I am writing a Custom Skill in Node.js. I want the user to speak a request and then my code should find the necessary information to send back from an external website. However, the website does not use an API; the content I need is within the HTML. I will then extract the content I need from the HTML code. Would https.get or https.require work for this task?
This is called 'web scraping' and is, in general, a poor way to do things. It usually breaks the terms and services of a web site, doesn't work with many modern, dynamic websites, and is fragile. If you are just jury rigging something for your own interest, sure, go ahead. If you are trying to produce a professional skill that others use, I would advise you to rethink your approach. In any event, that's a programming question not a ASK specific question. You can google the internet for plenty of ways to do web scraping with node.js.

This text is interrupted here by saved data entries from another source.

(* Let $\lambda_1,\lambda_2\ge0$ with $\lambda_1+\lambda_2(p-1)>0$, and let $w_i=\lambda_1+\lambda_2(p-i)$ for $i=1,\dots,p$ (the OSCAR weights). Let $\mathbf A\in\mathbb R^{n\times p}$ have columns with $\mathbf 1^T\mathbf a_k=0$ and $\|\mathbf a_k\|_2=1$ for all $k$, let $\rho_{ij}=\mathbf a_i^T\mathbf a_j$, and let $\mathbf y\in\mathbb R^n$. Let $\widehat{\mathbf x}$ be any minimizer of $\frac12\|\mathbf A\mathbf x-\mathbf y\|_2^2+\sum_{i=1}^p w_i|x|_{[i]}$ over $\mathbf x\in\mathbb R^p$. Then for every pair $(i,j)$ with $\|\mathbf y\|_2\sqrt{2-2\rho_{ij}\operatorname{sign}(\widehat x_i\widehat x_j)}<\lambda_2$, we have $|\widehat x_i|=|\widehat x_j|$.
   Context: $|x|_{[i]}$ denotes the $i$-th largest component of $\mathbf x$ in magnitude; $\mathbf a_k$ is the $k$-th column of $\mathbf A$; $\mathbf 1$ is the all-ones vector; $\operatorname{sign}$ denotes the sign function. *)

From HB Require Import structures.
From mathcomp Require Import all_boot all_order all_algebra.
Set Implicit Arguments. Unset Strict Implicit. Unset Printing Implicit Defensive.
Import Order.TTheory GRing.Theory Num.Theory.
Local Open Scope ring_scope.

Definition sorted_abs (R : rcfType) (p : nat) (x : 'cV[R]_p) : seq R :=
  sort (fun a b => b <= a) [seq `|x i 0| | i <- enum 'I_p].

(* |x|_[k+1] : the (k+1)-th largest entry of x in magnitude (0-based k) *)
Definition abs_ord (R : rcfType) (p : nat) (x : 'cV[R]_p) (k : nat) : R :=
  nth 0 (sorted_abs x) k.

(* OSCAR weight w_{k+1} = l1 + l2 (p - (k+1)), 0-based k *)
Definition oscar_w (R : rcfType) (l1 l2 : R) (p k : nat) : R :=
  l1 + l2 * (p - k.+1)%:R.

Definition norm2 (R : rcfType) (n : nat) (v : 'cV[R]_n) : R :=
  Num.sqrt (\sum_(r < n) v r 0 ^+ 2).
Lemma sum_incident_line (l : R * R) : (\sum_p incident l p)%N = #|[set: R]|.
Proof.
rewrite sum_bool_card.
have -> : [set p in predT | incident l p] = [set (l.1 * v + l.2, v) | v in [set: R]].
  apply/setP=> -[u v]; rewrite !inE /incident /=; apply/eqP/imsetP => [->|[w _ [-> ->]]] //.
  by exists v; rewrite ?inE.
by rewrite card_imset // => v w [].
Qed.

Lemma sum_degree (L : {set R * R}) : (\sum_p degree L p)%N = (#|L| * #|[set: R]|)%N.
Proof.
rewrite exchange_big /= -sum_nat_const; apply: eq_bigr => l _; exact: sum_incident_line.
Qed.

Lemma card_meet_le1 (l l' : R * R) : l'.1 - l.1 \is a GRing.unit ->
  (#|[set p | incident l p && incident l' p]| <= 1)%N.
Proof.
move=> slope_unit; apply/card_le1_eqP => -[u v] [u' v']; rewrite !inE /incident /=.
case/andP=> /eqP lu /eqP l'u /andP[/eqP lu' /eqP l'u'].
have meet_v w : l.1 * w + l.2 = l'.1 * w + l'.2 -> w = (l'.1 - l.1)^-1 * (l.2 - l'.2).
  move=> lw; apply: (mulrI slope_unit); rewrite mulrA mulrV // mul1r.
  transitivity ((l'.1 * w + l'.2) - (l.1 * w + l.2) + (l.2 - l'.2)); first by ring.
  by rewrite -lw subrr add0r.
have vv' : v = v' by rewrite (meet_v v) -?lu -?l'u // (meet_v v') -?lu' -?l'u'.
by rewrite lu lu' vv'.
Qed.

Variable M : {set R}.
Hypothesis nonunit_in_M : forall x, x \isn't a GRing.unit -> x \in M.

Lemma card_pencil (s : R) (p : R * R) :
  #|[set l' | (l'.1 - s \in M) && incident l' p]| = #|M|.
Proof.
have -> : [set l' | (l'.1 - s \in M) && incident l' p] =
          [set (s + a, p.1 - (s + a) * p.2) | a in M].
  apply/setP=> -[s' t']; rewrite inE /incident /=; apply/andP/imsetP.
    case=> Ma /eqP pl; exists (s' - s) => //; rewrite addrC subrK pl.
    by congr (_, _); rewrite addrC addKr.
  by case=> a Ma [-> ->]; rewrite addrC addKr Ma addrC subrK.
by rewrite card_imset // => a b [] /addrI.
Qed.

(* Lines l' whose slope differs from that of l by a unit meet l at most once;
   the others pass through a given point of l in exactly #|M| ways. *)
Lemma sum_common_incidences_le (L : {set R * R}) (l : R * R) :
  (\sum_(l' in L) \sum_p (incident l p && incident l' p) <=
     #|L| + #|[set: R]| * #|M|)%N.
Proof.
pose common l' := (\sum_p (incident l p && incident l' p))%N.
have common_le l' : (common l' <= 1 + ((l'.1 - l.1)%R \in M) * common l')%N.
  have [slope_unit|/nonunit_in_M ->] := boolP (l'.1 - l.1 \is a GRing.unit); last first.
    by rewrite mul1n leq_addl.
  rewrite /common sum_bool_card; apply: leq_trans (card_meet_le1 slope_unit) _.
  by rewrite (eq_card (B := [set p | incident l p && incident l' p])) ?leq_addr //
    => p; rewrite !inE.
apply: (@leq_trans (\sum_(l' in L) (1 + ((l'.1 - l.1)%R \in M) * common l'))).
  by apply: leq_sum => l' _; apply: common_le.
rewrite big_split /= sum_nat_const muln1 leq_add2l.
apply: (@leq_trans (\sum_l' ((l'.1 - l.1)%R \in M) * common l')).
  by rewrite [leqRHS](bigID (mem L)) /= leq_addr.
rewrite /common; under eq_bigr do rewrite big_distrr /=.
rewrite exchange_big /= -(sum_incident_line l) big_distrl /=.
apply: eq_leq; apply: eq_bigr => p _; case: (incident l p); last first.
  by rewrite big1 // => l' _; rewrite muln0.
rewrite mul1n -(card_pencil l.1 p) -sum1_card [RHS]big_mkcond /=.
by apply: eq_bigr => l' _; rewrite inE; case: (_ \in M); case: (incident l' p).
Qed.
Lemma eq_upto_mult_gf1 t k : (k < t)%N -> eq_upto k (mult_gf t) 1.
Proof.
move=> lt_kt; rewrite (mult_gfE t _ (leq_addr 1 _)) big_ltn_cond ?addn1 //.
rewrite allowed_mult0 muln0 -[X in eq_upto _ _ X]addr0; apply: eq_uptoD => //.
rewrite big_nat_cond; apply: eq_upto_sum0 => s /andP[/andP[s_gt0 _] _].
by apply: eq_upto_Xn0; apply: leq_trans lt_kt (leq_pmulr _ s_gt0).
Qed.

Definition part_gf (n : nat) : {poly int} := \prod_(0 <= i < n) mult_gf i.+1.

Lemma coef_part_gf n k : (k <= n)%N -> (part_gf n)`_k = (b_nat p a r m v k)%:Z.
Proof.
move=> le_kn; rewrite /part_gf (big_cat_nat (leq0n k) le_kn) /=.
have eq_head : eq_upto k (\prod_(0 <= i < k) mult_gf i.+1)
    (\prod_(0 <= i < k) \sum_(s < k.+1 | allowed_mult p a r m v s) 'X^(i.+1 * s)).
  by apply: eq_upto_prod => i _; exact: eq_upto_mult_gf.
have eq_tail : eq_upto k (\prod_(k <= i < n) mult_gf i.+1) 1.
  rewrite big_nat_cond; apply: eq_upto_prod1 => i /andP[/andP[le_ki _] _].
  exact: eq_upto_mult_gf1.
by rewrite (eq_uptoM eq_head eq_tail) // mulr1 big_mkord coef_prod_allowed_mult.
Qed.

Lemma mult_gf_factor t :
  mult_gf t * (1 - 'X^c ^+ t) = (1 - 'X^(t * c * v)) * \sum_(k < m) 'X^(t * (p * k)).
Proof.
set Z : {poly int} := 'X^(t * c).
have -> : mult_gf t = (\sum_(j < v) Z ^+ j) * \sum_(k < m) 'X^(t * (p * k)).
  rewrite mulr_suml; apply: eq_bigr => j _; rewrite mulr_sumr; apply: eq_bigr => k _.
  by rewrite -!exprM -exprD; congr ('X ^+ _); lia.
have -> : 'X^c ^+ t = Z by rewrite -exprM mulnC.
have -> : 1 - 'X^(t * c * v) = - (Z ^+ v - 1) by rewrite opprB exprM.
by rewrite subrX1; ring.
Qed.

Lemma dvd_supp_part_gf_qpoch n : dvd_supp (gcdn v p) (part_gf n * qpoch 'X^c 0 n).
Proof.
rewrite /part_gf /qpoch -big_split /=; apply: dvd_supp_prod => i _.
rewrite mult_gf_factor; apply: dvd_suppM.
  by apply: dvd_suppB; [exact: dvd_supp1 | apply: dvd_suppXn; rewrite dvdn_mull ?dvdn_gcdl].
by apply: dvd_supp_sum => k _; apply: dvd_suppXn; rewrite dvdn_mull ?dvdn_mulr ?dvdn_gcdr.
Qed.

Lemma b_subn_coef n e : b p a r m v (n%:Z - e%:Z) = (part_gf n * 'X^e)`_n.
Proof.
rewrite coefMXn; case: ltnP => [lt_ne|le_en].
  have -> : n%:Z - e%:Z = Negz (e - n).-1.
    by rewrite NegzE prednK ?subn_gt0 // -subzn ?(ltnW lt_ne) // opprB.
  by [].
by rewrite subzn // /= coef_part_gf ?leq_subr.
Qed.

Lemma coef_part_gf_pentagonal n : (0 < c)%N -> ~~ (gcdn v p %| n)%N ->
  (part_gf n * pentagonal_sum 'X^c n)`_n = 0.
Proof.
move=> c_gt0 ndvd_n.
have := eq_uptoM (eq_upto_refl n (part_gf n)) (eq_upto_pentagonal_qpoch _ _ n c_gt0).
by move=> ->; rewrite ?dvd_supp_part_gf_qpoch.
Qed.

End Multiplicities.

Lemma half_pentagonal_minus c j :
  (c * (j * (3 * j - 1)) %/ 2 = c * (j * j + 'C(j, 2)))%N.
Proof.
have bin2j : (2 * 'C(j, 2) = j * j.-1)%N by rewrite -mul_bin_diag bin1.
rewrite (_ : c * _ = 2 * (c * (j * j + 'C(j, 2))))%N ?mulKn // [RHS]mulnCA.
congr (c * _)%N; case: j bin2j => // j bin2j.
by rewrite (_ : 3 * j.+1 - 1 = (3 * j).+2)%N; lia.
Qed.

Lemma half_pentagonal_plus c j :
  (c * (j * (3 * j + 1)) %/ 2 = c * (j * j + 'C(j.+1, 2)))%N.
Proof.
have bin2j : (2 * 'C(j.+1, 2) = j.+1 * j)%N by rewrite -mul_bin_diag bin1.
rewrite (_ : c * _ = 2 * (c * (j * j + 'C(j.+1, 2))))%N ?mulKn // [RHS]mulnCA.
by congr (c * _)%N; lia.
Qed.

Theorem theorem4p1 (p a r m v n : nat)
  (hp : (0 < p)%N) (ha : (0 < a)%N) (hco : coprime a p)
  (hm : (1 <= m)%N) (hv1 : (1 <= v)%N) (hvp : (v <= p)%N)
  (hn : ~~ (gcdn v p %| n)%N) :
  b p a r m v n%:Z =
  \sum_(1 <= j < n.+1)
     (-1) ^+ j.+1 *
     (b p a r m v (n%:Z - ((p * r + a) * (j * (3 * j - 1)) %/ 2)%N%:Z)
    + b p a r m v (n%:Z - ((p * r + a) * (j * (3 * j + 1)) %/ 2)%N%:Z)).
Proof.
have c_gt0 : (0 < p * r + a)%N by rewrite addn_gt0 ha orbT.
have := coef_part_gf_pentagonal p a r m v hp hco hvp hm hv1 n c_gt0 hn.
rewrite coef_mul_pentagonal_sum => /eqP; rewrite addr_eq0 => /eqP.
rewrite /= -(coef_part_gf p a r m v hp hco hvp hm hv1 n n (leqnn n)) => ->.
rewrite -sumrN; apply: eq_bigr => j _.
rewrite half_pentagonal_minus half_pentagonal_plus.
by rewrite !(b_subn_coef p a r m v hp hco hvp hm hv1) exprS; ring.
Qed.
(* The radial operator on W_s, computed in q = r^(1/6) with alpha^3 = 9n - 15. *)
Lemma barrier_residual (n : nat) (s r : R) : (2 <= n)%nat -> 0 < r ->
  let q := root6 r in let a := alpha n in
  radial_op n r (barrier n s r) (barrier_r n s r) (barrier_rr n s r)
  = (s * q ^ 3 * (16 * a ^ 3 + 6) + 18 * a ^ 2 * q ^ 2 * s ^ 2 + 7 * a * q * s ^ 3 + s ^ 4)
    / (216 * q ^ 14).
Proof.
intros Hn Hr q a. destruct (alpha_facts n Hn) as [_ Ha3]. fold a in Ha3.
pose proof (root6_pos r) as Hq. fold q in Hq.
rewrite barrier_in_root6 by auto. unfold radial_op, barrier_r, barrier_rr. fold q a.
replace r with (q ^ 6) by (apply root6_pow6; auto).
replace (INR n) with ((a ^ 3 + 15) / 9) by lra.
field. lra.
Qed.

Lemma ustar_steady (n : nat) (r : R) : (2 <= n)%nat -> 0 < r ->
  radial_op n r (ustar n r) (barrier_r n 0 r) (barrier_rr n 0 r) = 0.
Proof.
intros Hn Hr. pose proof (barrier_residual n 0 r Hn Hr) as Hres. simpl in Hres.
replace (ustar n r) with (barrier n 0 r) by (unfold barrier; ring).
rewrite Hres. pose proof (root6_pos r). field. lra.
Qed.

Lemma ustar_deriv (n : nat) (r : R) : 0 < r ->
  derivable_pt_lim (ustar n) r (barrier_r n 0 r).
Proof.
intros Hr. apply (derivable_pt_lim_local _ (barrier n 0) r _ 1); [lra | | exact (barrier_deriv n 0 r Hr)].
intros y _. unfold barrier. ring.
Qed.

Lemma barrier_residual_lower (n : nat) (s r : R) : (2 <= n)%nat -> 0 <= s -> 0 < r ->
  s * root6 r / (36 * r ^ 2)
  <= radial_op n r (barrier n s r) (barrier_r n s r) (barrier_rr n s r).
Proof.
intros Hn Hs Hr. rewrite (barrier_residual n s r Hn Hr).
destruct (alpha_facts n Hn) as [Ha _].
set (q := root6 r). set (a := alpha n) in *.
assert (Hq : 0 < q) by apply root6_pos.
assert (Hr12 : r ^ 2 = q ^ 12) by (unfold q; rewrite <- (root6_pow6 r) at 1 by auto; ring).
rewrite Hr12.
assert (Hq14 : 0 < 216 * q ^ 14) by (apply Rmult_lt_0_compat; [lra | apply pow_lt; lra]).
replace (s * q / (36 * q ^ 12)) with ((6 * s * q ^ 3) / (216 * q ^ 14)) by (field; lra).
apply Rmult_le_compat_r; [left; apply Rinv_0_lt_compat; lra|].
assert (0 <= 18 * a ^ 2 * q ^ 2 * s ^ 2 + 7 * a * q * s ^ 3 + s ^ 4).
{ assert (0 <= a ^ 2 * q ^ 2 * s ^ 2) by (rewrite <- !Rpow_mult_distr; apply pow2_ge_0).
  assert (0 <= a * q * s ^ 3) by (apply Rmult_le_pos; [apply Rmult_le_pos | apply pow_le]; lra).
  assert (0 <= s ^ 4) by (apply pow_le; lra). lra. }
assert (0 <= s * q ^ 3 * a ^ 3) by (apply Rmult_le_pos; [apply Rmult_le_pos; [lra | apply pow_le; lra] | apply pow_le; lra]).
lra.
Qed.

(* u <= u*: the steady state u* is a supersolution which is strictly
   decreasing in r and dominates u0 (C3) and the boundary data. *)
Lemma solution_below_ustar (n : nat) (Rad : R) (u0 : R -> R) (u : R -> R -> R) :
  (2 <= n)%nat -> 0 < Rad -> is_solution n Rad u0 u -> cond_C3 n Rad u0 ->
  forall r t, 0 <= r <= Rad -> 0 <= t -> u r t <= ustar n r.
Proof.
intros Hn HR Hsol HC3 r t Hr Ht.
destruct Hsol as [Hcont [ur [urr [ut [Hder [_ [_ [_ [Heq [Hu0t [HuR [Hinit _]]]]]]]]]]]].
apply (comparison_principle n Rad t u ur urr ut (fun r _ => ustar n r)
         (fun r _ => barrier_r n 0 r) (fun r _ => barrier_rr n 0 r) (fun _ _ => 0));
  auto; [| | | | | | | | repeat split; lra].
- apply (cont2_subdomain (closed_cyl Rad)); auto. intros r' t' [? ?]; repeat split; lra.
- apply cont2_of_r, cont_at_ustar.
- intros r' t' [Hr' _]. split; [|split].
  + apply ustar_deriv; lra.
  + apply barrier_r_deriv; lra.
  + apply derivable_pt_lim_const.
- intros r' t' Hopen. right. exact (Heq r' t' Hopen).
- intros r' t' [Hr' _]. rewrite ustar_steady by (auto; lra). lra.
- intros r' t' _. right. apply barrier_r_neg; auto; lra.
- intros r' Hr'. rewrite Hinit by auto. apply Rge_le, HC3; auto.
- intros t' Ht'. rewrite Hu0t, HuR, ustar_0 by lra. lra.
Qed.

Definition decay_rate (Rad : R) : R := 1 / (36 * Rad ^ 2).

Lemma decay_rate_pos (Rad : R) : 0 < Rad -> 0 < decay_rate Rad.
Proof.
intros HR. unfold decay_rate.
apply Rdiv_lt_0_compat; [lra | apply Rmult_lt_0_compat; [lra | apply pow_lt; lra]].
Qed.

Lemma decay_rate_le (Rad r : R) : 0 < r <= Rad -> decay_rate Rad <= 1 / (36 * r ^ 2).
Proof.
intros Hr. unfold decay_rate. apply Rmult_le_compat_l; [lra|].
apply Rinv_le_contravar; [apply Rmult_lt_0_compat; [lra | apply pow_lt; lra]|].
apply Rmult_le_compat_l; [lra|]. apply pow_incr; lra.
Qed.

(* u >= W_(c exp(-mu t)) with mu = decay_rate Rad, as soon as W_c <= u0:
   the time derivative mu S r^(1/6) of this barrier is dominated by the
   residual S r^(1/6) / (36 r^2) because r <= Rad. *)
Lemma solution_above_barrier (n : nat) (Rad c : R) (u0 : R -> R) (u : R -> R -> R) :
  (2 <= n)%nat -> 0 < Rad -> is_solution n Rad u0 u -> 0 <= c ->
  (forall r, 0 <= r <= Rad -> barrier n c r <= u0 r) ->
  forall r t, 0 <= r <= Rad -> 0 <= t ->
    barrier n (c * exp (- decay_rate Rad * t)) r <= u r t.
Proof.
intros Hn HR Hsol Hc Hgap r t Hr Ht.
destruct Hsol as [Hcont [ur [urr [ut [Hder [_ [_ [_ [Heq [Hu0t [HuR [Hinit _]]]]]]]]]]]].
set (mu := decay_rate Rad).
set (S := fun t => c * exp (- mu * t)).
assert (HS : forall s, 0 <= S s) by (intros s; unfold S; pose proof (exp_pos (- mu * s)); nra).
assert (HSt : forall t, derivable_pt_lim S t (- mu * S t))
  by (intros; unfold S; apply is_derive_Reals; auto_derive; auto; ring).
apply (comparison_principle n Rad t (fun r t => barrier n (S t) r)
         (fun r t => barrier_r n (S t) r) (fun r t => barrier_rr n (S t) r)
         (fun r t => mu * S t * root6_ext r) u ur urr ut);
  auto; [| | | | | | | | repeat split; lra].
- apply cont2_minus; [apply cont2_of_r, cont_at_ustar|].
  apply cont2_mult; [apply cont2_of_t | apply cont2_of_r].
  + intros t'. exact (cont_at_of_derivable _ _ _ (HSt t')).
  + exact (cont_at_power_ext (1/6) ltac:(lra)).
- apply (cont2_subdomain (closed_cyl Rad)); auto. intros r' t' [? ?]; repeat split; lra.
- intros r' t' [Hr' _]. split; [|split].
  + apply barrier_deriv; lra.
  + apply barrier_r_deriv; lra.
  + unfold barrier. replace (mu * S t' * root6_ext r') with (0 - (- mu * S t') * root6_ext r')
      by ring.
    apply derivable_pt_lim_minus; [apply derivable_pt_lim_const|].
    apply (derivable_pt_lim_scal_right S t' (- mu * S t') (root6_ext r') (HSt t')).
- intros r' t' [Hr' _].
  eapply Rle_trans; [|apply barrier_residual_lower; auto; lra].
  rewrite root6_ext_pos by lra.
  pose proof (decay_rate_le Rad r' ltac:(lra)).
  pose proof (Rmult_le_pos _ _ (HS t') (Rlt_le _ _ (root6_pos r'))).
  replace (S t' * root6 r' / (36 * r' ^ 2)) with (1 / (36 * r' ^ 2) * (S t' * root6 r'))
    by (field; lra).
  replace (mu * S t' * root6 r') with (mu * (S t' * root6 r')) by ring.
  apply Rmult_le_compat_r; auto.
- intros r' t' Hopen. right. symmetry. exact (Heq r' t' Hopen).
- intros r' t' [Hr' _]. left. apply barrier_r_neg; auto.
- intros r' Hr'. rewrite Hinit by auto. unfold S.
  rewrite Rmult_0_r, exp_0, Rmult_1_r. auto.
- intros t' Ht'. rewrite Hu0t, HuR by lra. unfold barrier.
  rewrite ustar_0, root6_ext_0. split; [lra|]. pose proof (Rmult_le_pos _ _ (HS t') (root6_ext_nonneg Rad)). lra.
Qed.

(* u0 vanishes at the origin, by continuity of u at (0,0) and u(0,t) = 0. *)
Lemma initial_datum_at_origin (n : nat) (Rad : R) (u0 : R -> R) (u : R -> R -> R) :
  0 < Rad -> is_solution n Rad u0 u -> u0 0 = 0.
Proof.
intros HR [Hcont [_ [_ [_ [_ [_ [_ [_ [_ [Hu0t [_ [Hinit _]]]]]]]]]]]].
rewrite <- (Hinit 0) by lra.
destruct (Req_dec (u 0 0) 0) as [|Hne]; auto. exfalso.
assert (Hp : 0 < Rabs (u 0 0)) by (apply Rabs_pos_lt; auto).
destruct (Hcont 0 0 ltac:(unfold closed_cyl; lra) _ Hp) as [d [Hd H]].
specialize (H 0 (d / 2) ltac:(unfold closed_cyl; lra)
  ltac:(rewrite Rminus_diag, Rabs_R0; lra) ltac:(rewrite Rminus_0_r, Rabs_pos_eq; lra)).
rewrite Hu0t in H by lra. rewrite Rminus_0_l, Rabs_Ropp in H. lra.
Qed.

Lemma initial_datum_bounded_below (n : nat) (Rad : R) (u0 : R -> R) (u : R -> R -> R) :
  0 < Rad -> is_solution n Rad u0 u ->
  exists m, forall r, 0 <= r <= Rad -> - m <= u0 r.
Proof.
intros HR [Hcont [_ [_ [_ [_ [_ [_ [_ [_ [_ [_ [Hinit _]]]]]]]]]]]].
assert (Hneg : cont2_on (rect 0 Rad 0 0) (fun r t => 0 - u r t)).
{ apply cont2_minus; [apply cont2_of_r, cont_at_const|].
  apply (cont2_subdomain (closed_cyl Rad)); auto. intros r t [? ?]; repeat split; lra. }
destruct (RectangleEVT.rect_max 0 Rad 0 0 _ ltac:(lra) ltac:(lra) Hneg) as [r0 [t0 [_ Hmax]]].
exists (0 - u r0 t0). intros r Hr. rewrite <- (Hinit r Hr).
pose proof (Hmax r 0 ltac:(repeat split; lra)). lra.
Qed.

A [b]website[/b] presents a visual interface (usually in HTML) for a human to consume via a browser. A [b]web service[/b] presents a programmatic interface (usually in JSON) for a computer to consume via (usually) a REST call. If a company wishes to makes its data available for people to programmatically access, they will provide a web service for doing so. This will probably be documented on the site, along with the terms and conditions that it is made available under. If you want to produce something officially, or you don't want to risk getting a lawsuit, this is the avenue to take. Web scraping is a technique to programmatically browse a website, extract information from the HTML, and return the data. So, it is a way to wrap a web service around a web site. You can also spy on the web site. If it has a dynamic Ajax-like interface, it is probably making web service calls under the covers. You can try to derive the API for those and then call that. This, however, is unofficial and may raise the ire of the web site in question. For example, various people have backwards engineered the web service that Dominos exposes that its various pizza ordering apps consume. There are even some libraries available for it. This, however, is not supported by Dominos and kind of pisses them off. Amazon don't seem to check too deeply if you have the rights to use the interfaces you use, so you could probably get away with something like that. But if push came to shove and a company decided to litigate, you would be the one in the vulnerable position. Or at least get a "cease and desist" letter.
I'd like to add; I did create scripts that scrape specific sites last week. It obtains all my bills, due dates, and amounts and reads them aloud when I say, "Alexa open my Bills".. (through using bluetooth through the Echo). Today, one site changed. Meaning, I now have to correct. So, as stated before, I do so for my own use only and would never scrape for anything other than myself.